TV朝日・2023年10月15日の《関ジャム 完全燃SHOW》は〈誰かの事を想って書いた曲特集〉で、ゲストは本間昭光、はっとり (マカロニえんぴつ)、さかいゆうの3人。

槇原敬之の〈もう恋なんてしない〉は本間昭光が失恋したときのことを、槇原が聞き取ってアレンジした曲だったというのにもうびっくり。というか、それをあのような曲に仕上げる槇原の才能をあらためて確認する。
タイマーズがモンキーズの〈Daydream Believer〉をカヴァーしたときの歌詞は、清志郎が亡くなった母に宛てて書いたものだったという解説があったがそれは知らなかった。つまり彼女というのは母親だったのであって、それを知るとこの歌詞は余計にせつない。

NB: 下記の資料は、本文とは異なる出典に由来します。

Lemma escape_nonempty : (exists s, S s) -> exists y, escape y.
Proof.
move=> [s Ss]; pose t := s ++ [:: 1].
have [k [exit_k stay]] := ex_minimal (inW_exit t WT).
exists ((t ++ nseq k 0) ++ [:: 0]); split; last by rewrite -cat_nseqSr.
exists (t ++ nseq k 0), [:: 0]; split=> //; exists t, k; split; first by exists s, [:: 1].
by split=> // -[//|i] _ ik; apply: NNPP => notT; apply: (stay i).
Qed.

End Escape.

Lemma eqnum_disjoint_copy S T : inW S -> inW T ->
  exists F, inW F /\ R S F /\ pdisjoint F T /\ ((exists s, S s) -> exists y, F y).
Proof.
move=> WS WT; exists (escape S T); split; first exact: inW_escape.
split; first exact: eqnum_escape.
by split; [move=> x [] | exact: escape_nonempty].
Qed.

Lemma eqnum_superset X X' Y' : inW X -> inW X' -> inW Y' ->
  R X X' -> psubset X' Y' ->
  exists Y, inW Y /\ psubset X Y /\ R Y Y' /\ (proper_subset X' Y' -> proper_subset X Y).
Proof.
move=> WX WX' WY' RX X'Y'.
have WD : inW (setminus Y' X') by apply: (inW_sub WY') => x [].
have [F [WF [RF [FXX' F_ne]]]] := eqnum_disjoint_copy WD (inW_union WX WX').
exists (punion X F); split; first exact: inW_union.
split; first by move=> x Xx; left.
split.
  have -> : Y' = punion X' (setminus Y' X').
    apply: pset_ext => x; rewrite /punion /setminus.
    by split=> [Y'x | [/X'Y'|[]] //]; case: (classic (X' x)) => ?; tauto.
  apply: eqnum_union => //; first exact: eqnum_sym.
  - by move=> x Xx Fx; apply: (FXX' x Fx); left.
  - by move=> x X'x Fx; apply: (FXX' x Fx); right.
  - by move=> x X'x [].
move=> [_ notY'X']; split; first by move=> x Xx; left.
have [|y Fy] := F_ne.
  by apply: NNPP => none; apply: notY'X' => x Y'x; apply: NNPP => ?; apply: none; exists x.
by move=> /(_ y (or_intror Fy)) Xy; apply: (FXX' y Fy); left.
Qed.

Lemma prec_iff A B : inW A -> inW B ->
  (pprec R A B <-> exists B', inW B' /\ R B B' /\ proper_subset A B').
Proof.
move=> WA WB; split.
- move=> [B0 [A0 [WB0 [WA0 [A0B0 [RBB0 RAA0]]]]]].
  have [Y [WY [AY [RY properAY]]]] := eqnum_superset WA WA0 WB0 RAA0 (proj1 A0B0).
  exists Y; split=> //; split; last exact: properAY.
  exact: eqnum_trans WB WB0 WY RBB0 (eqnum_sym WY WB0 RY).
- move=> [B' [WB' [RBB' AB']]].
  by exists B', A; do 4!split=> //; exact: eqnum_refl.
Qed.

Lemma eqnum_or_prec A B : inW A -> inW B -> R A B \/ pprec R A B \/ pprec R B A.
Proof. by move=> WA WB; case: (eqnum_trichotomy WA WB); tauto. Qed.

Lemma superset_comparable A B : inW A -> inW B ->
  (exists B', inW B' /\ R B B' /\ psubset A B') \/
  (exists A', inW A' /\ R A A' /\ psubset B A').
Proof.
move=> WA WB; case: (eqnum_or_prec WA WB) => [RAB | [/prec_iff | /prec_iff]].
- by left; exists A; split=> //; split=> //; exact: eqnum_sym.
- by move=> /(_ WA WB) [B' [WB' [RB' [AB' _]]]]; left; exists B'.
- by move=> /(_ WB WA) [A' [WA' [RA' [BA' _]]]]; right; exists A'.
Qed.

Lemma prec_irrefl A : inW A -> ~ pprec R A A.
Proof. by move=> WA; case: (eqnum_trichotomy WA WA); have := eqnum_refl WA; tauto. Qed.

Lemma prec_trans A B C : inW A -> inW B -> inW C ->
  pprec R A B -> pprec R B C -> pprec R A C.
Proof.
move=> WA WB WC /(prec_iff WA WB) [B1 [WB1 [RB1 [AB1 notB1A]]]].
move=> /(prec_iff WB WC) [C1 [WC1 [RC1 [BC1 _]]]].
have [Y [WY [B1Y [RY _]]]] := eqnum_superset WB1 WB WC1 (eqnum_sym WB WB1 RB1) BC1.
apply/(prec_iff WA WC); exists Y; split=> //; split.
  exact: eqnum_trans WC WC1 WY RC1 (eqnum_sym WY WC1 RY).
by split=> [x /AB1 /B1Y // | YA]; apply: notB1A => x /B1Y /YA.
Qed.

Lemma prec_eqnum A A' B B' : inW A -> inW A' -> inW B -> inW B' ->
  R A A' -> R B B' -> pprec R A B -> pprec R A' B'.
Proof.
move=> WA WA' WB WB' RA RB [B0 [A0 [WB0 [WA0 [A0B0 [RB0 RA0]]]]]].
exists B0, A0; do 3!split=> //; split.
- exact: eqnum_trans WB' WB WB0 (eqnum_sym WB WB' RB) RB0.
- exact: eqnum_trans WA' WA WA0 (eqnum_sym WA WA' RA) RA0.
Qed.

End Equinumerosity.

Theorem proposition1p4 (R : pset -> pset -> Prop) :
  equinumerosity R ->
  (* (i) *)
  ((forall A B, inW A -> inW B ->
      (pprec R A B <-> exists B', inW B' /\ R B B' /\ proper_subset A B')) /\
   (forall A B, inW A -> inW B ->
      (exists B', inW B' /\ R B B' /\ psubset A B') \/
      (exists A', inW A' /\ R A A' /\ psubset B A'))) /\
  (* (ii) strict preorder on W, inducing a total order on W/≈ *)
  ((forall A, inW A -> ~ pprec R A A) /\
   (forall A B C, inW A -> inW B -> inW C ->
      pprec R A B -> pprec R B C -> pprec R A C) /\
   (forall A A' B B', inW A -> inW A' -> inW B -> inW B' ->
      R A A' -> R B B' -> pprec R A B -> pprec R A' B') /\
   (forall A B, inW A -> inW B -> R A B \/ pprec R A B \/ pprec R B A)).
Proof.
move=> HR; split; split.
- exact: prec_iff.
- exact: superset_comparable.
- exact: prec_irrefl.
- split; first exact: prec_trans.
  split; [exact: prec_eqnum | exact: eqnum_or_prec].
Qed.
(* The exponent [mu / (mu + 1)] is used in place of [ln (1 + mu)], which it bounds
   from below (expR_divD1_le). *)
Lemma card_draws_gt_expR_le A S m mu t : S \subset A -> (0 < #|A|)%N -> 0 <= mu ->
  #|[set H in draws A m | t < #|H :&: S|%:R]|%:R * expR (t * (mu / (mu + 1)))
    <= 'C(#|A|, m)%:R * expR (#|S|%:R / #|A|%:R * mu * m%:R).
Proof.
move=> SA A0 mu0; have mu1 : 0 < mu + 1 by lra.
set nu := mu / (mu + 1); set p := #|S|%:R / #|A|%:R.
have nu0 : 0 <= nu by rewrite divr_ge0 // ltW.
have p0 : 0 <= p by rewrite divr_ge0.
apply: (@le_trans _ _ ('C(#|A|, m)%:R * (p * mu + 1) ^+ m)); last first.
  have pmu1 : 0 <= p * mu + 1 by rewrite addr_ge0 // mulr_ge0.
  by rewrite ler_wpM2l // expRM_natr lerXn2r ?nnegrE ?expR_ge0 // addrC expR_ge1Dx.
apply: le_trans (sum_draws_exprD1_le m SA A0 mu0).
rewrite mulr_natl -sumr_const.
apply: (@le_trans _ _ (\sum_(H in draws A m | t < #|H :&: S|%:R) (mu + 1) ^+ #|H :&: S|)).
  rewrite [leLHS](eq_bigl (fun H => (H \in draws A m) && (t < #|H :&: S|%:R))); last first.
    by move=> H; rewrite inE.
  apply: ler_sum => H /andP[_ ltH].
  apply: (@le_trans _ _ (expR (#|H :&: S|%:R * nu))).
    by rewrite ler_expR ler_wpM2r // ltW.
  by rewrite expRM_natl lerXn2r ?nnegrE ?expR_ge0 ?(ltW mu1) ?expR_divD1_le.
rewrite [leRHS](bigID (fun H => t < #|H :&: S|%:R)) /= lerDl.
by apply: sumr_ge0 => H _; rewrite exprn_ge0 // ltW.
Qed.

Definition chernoff_rate eps := (eps / 2) ^+ 2 / (eps / 2 + 1).

Lemma chernoff_rate_gt0 eps : 0 < eps -> 0 < chernoff_rate eps.
Proof. by move=> eps0; rewrite divr_gt0 ?exprn_gt0 //; lra. Qed.

Lemma card_draws_upper_dev_le A S m eps :
  S \subset A -> (0 < #|A|)%N -> 0 < eps ->
  #|[set H in draws A m | (#|S|%:R / #|A|%:R + eps) * m%:R < #|H :&: S|%:R]|%:R
    <= 'C(#|A|, m)%:R * expR (- (chernoff_rate eps * m%:R)).
Proof.
move=> SA A0 eps0; set mu := eps / 2.
have mu0 : 0 < mu by rewrite /mu; lra.
have := card_draws_gt_expR_le m ((#|S|%:R / #|A|%:R + eps) * m%:R) SA A0 (ltW mu0).
set p := #|S|%:R / #|A|%:R.
have p1 : p <= 1 by rewrite /p ler_pdivrMr ?ltr0n // mul1r ler_nat subset_leq_card.
rewrite -ler_pdivlMr ?expR_gt0 // -[_ * expR _ / _]mulrA -expRB => /le_trans; apply.
rewrite ler_wpM2l // ler_expR -subr_le0.
(* the choice [mu = eps / 2] makes the exponent [m mu^2 (p - 1) / (mu + 1) <= 0] *)
have -> : p * mu * m%:R - (p + eps) * m%:R * (mu / (mu + 1))
            - - (chernoff_rate eps * m%:R) = m%:R * (mu ^+ 2 / (mu + 1) * (p - 1)).
  rewrite /chernoff_rate -/mu; have -> : eps = 2 * mu by rewrite /mu; field.
  by field; lra.
rewrite mulr_ge0_le0 // mulr_ge0_le0 ?divr_ge0 ?exprn_ge0 //; lra.
Qed.
Lemma measurable_fun_nat_of_bool (b : T -> bool) : measurable_fun setT b ->
  measurable_fun setT (fun t => nat_of_bool (b t)).
Proof. by move=> mb; exact: (measurableT_comp (f := nat_of_bool)). Qed.

Lemma measurable_fun_count (I : Type) (s : seq I) (b : I -> T -> bool) :
  (forall i, measurable_fun setT (b i)) ->
  measurable_fun setT (fun t => count (b ^~ t) s).
Proof.
move=> mb; elim: s => [|x s IH] /=; first exact: measurable_cst.
by apply: measurable_fun_addn => //; exact: measurable_fun_nat_of_bool.
Qed.

Lemma measurable_nat_preimage (h : T -> nat) (A : set nat) :
  measurable_fun setT h -> measurable [set t | A (h t)].
Proof. by move=> mh; rewrite -[X in measurable X]setTI; exact: mh. Qed.

Context (R : realType).

Lemma measurable_fun_nth_sort (F : nat -> T -> R) (L : seq nat) (j : nat) :
  (forall l, measurable_fun setT (F l)) ->
  measurable_fun setT (fun t => nth 0 (sort <=%R [seq F l t | l <- L]) j).
Proof.
move=> mF; have [j_lt|j_ge] := ltnP j (size L); last first.
  under eq_fun do rewrite nth_default ?size_sort ?size_map //.
  exact: measurable_cst.
apply: (measurability _ (RGenInftyO.measurableE R)) => // _ [_ [c ->] <-].
rewrite (_ : _ `&` _ = [set t | (j < count (fun l => (F l t < c)%R) L)%N]).
  apply: (measurable_nat_preimage (fun x => j < x)%N); apply: measurable_fun_count => l.
  by apply: measurable_fun_ltr => //; exact: measurable_cst.
have lt_c_down : {homo (fun x => x < c) : x y / y <= x >-> x ==> y}.
  by move=> x y yx; apply/implyP; exact: le_lt_trans.
have nth_lt_c t : ((sort <=%R [seq F l t | l <- L])`_j < c) =
    (j < count (fun l => (F l t < c)%R) L)%N.
  by rewrite (sorted_nth_count _ _ lt_c_down) ?size_sort ?size_map ?count_sort ?count_map.
by apply/seteqP; split => t /=; rewrite in_itv /= nth_lt_c; [case|].
Qed.

End finite_measurability.

(* [g_sigma_algebraType] needs a pointed carrier. *)
Definition vec (R : realType) (n : nat) := 'I_n -> R.
HB.instance Definition _ (R : realType) (n : nat) := Choice.on (vec R n).
HB.instance Definition _ (R : realType) (n : nat) := isPointed.Build (vec R n) (fun _ => 0).

Definition rectangles (R : realType) (n : nat) : set (set (vec R n)) :=
  [set [set y | forall i, B i (y i)] | B in [set B | forall i : 'I_n, measurable (B i)]].
Arguments rectangles : clear implicits.

Definition vecR (R : realType) (n : nat) := g_sigma_algebraType (rectangles R n).

Section vector_measurability.
Context (R : realType) (n : nat).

そしてはっとりが姉の結婚式のために書いたという〈キスをしよう〉をギター弾き語りで披露。これはすごいよね。そんな結婚式があったのなら理想だ。お姉さんはぶっきらぼうに 「よかったよ」 と言っただけだったというがそれはテレでしかないはず。

さかいゆうは山崎まさよしの〈One more time, One more chance〉の歌詞には死生観が漂うみたいなことを語っていたが、まさにその通り。そうそう、この前の歌謡スクランブルの記事で私は 「日本のシンガーソングライターといえば、私の好みではダントツで草野マサムネと槇原敬之」 と書いたが、もうひとり、山崎まさよしを忘れていた。

そしてさかいは番組の最後に、若くして事故で亡くなってしまった友人に向けて書いたという〈君と僕の挽歌〉を歌ったが、そうした事情を知ってから聴くと歌詞の中の 「調子どうですか?」 というのは向こうにいる友人に問いかけている言葉、そして 「こちらはツライこともありますが」 という 「こちら」 はこの世にいる自分のことで、あまりのリアリティと切実さに心が痛む。というかこれはあくまで私事に過ぎないのだが、そのおそろしいまでの喪失感に同期する記憶がよみがえる。
さかいはグランドピアノの弾き語りでこの曲を歌ったが、途中のサビの部分で一個所、不思議なコードがあった。意図して弾いたのかミスタッチなのかがよくわからないが (いや、ミスタッチというのはありえないな)、その突き刺さるようなテンションが強く印象に残った。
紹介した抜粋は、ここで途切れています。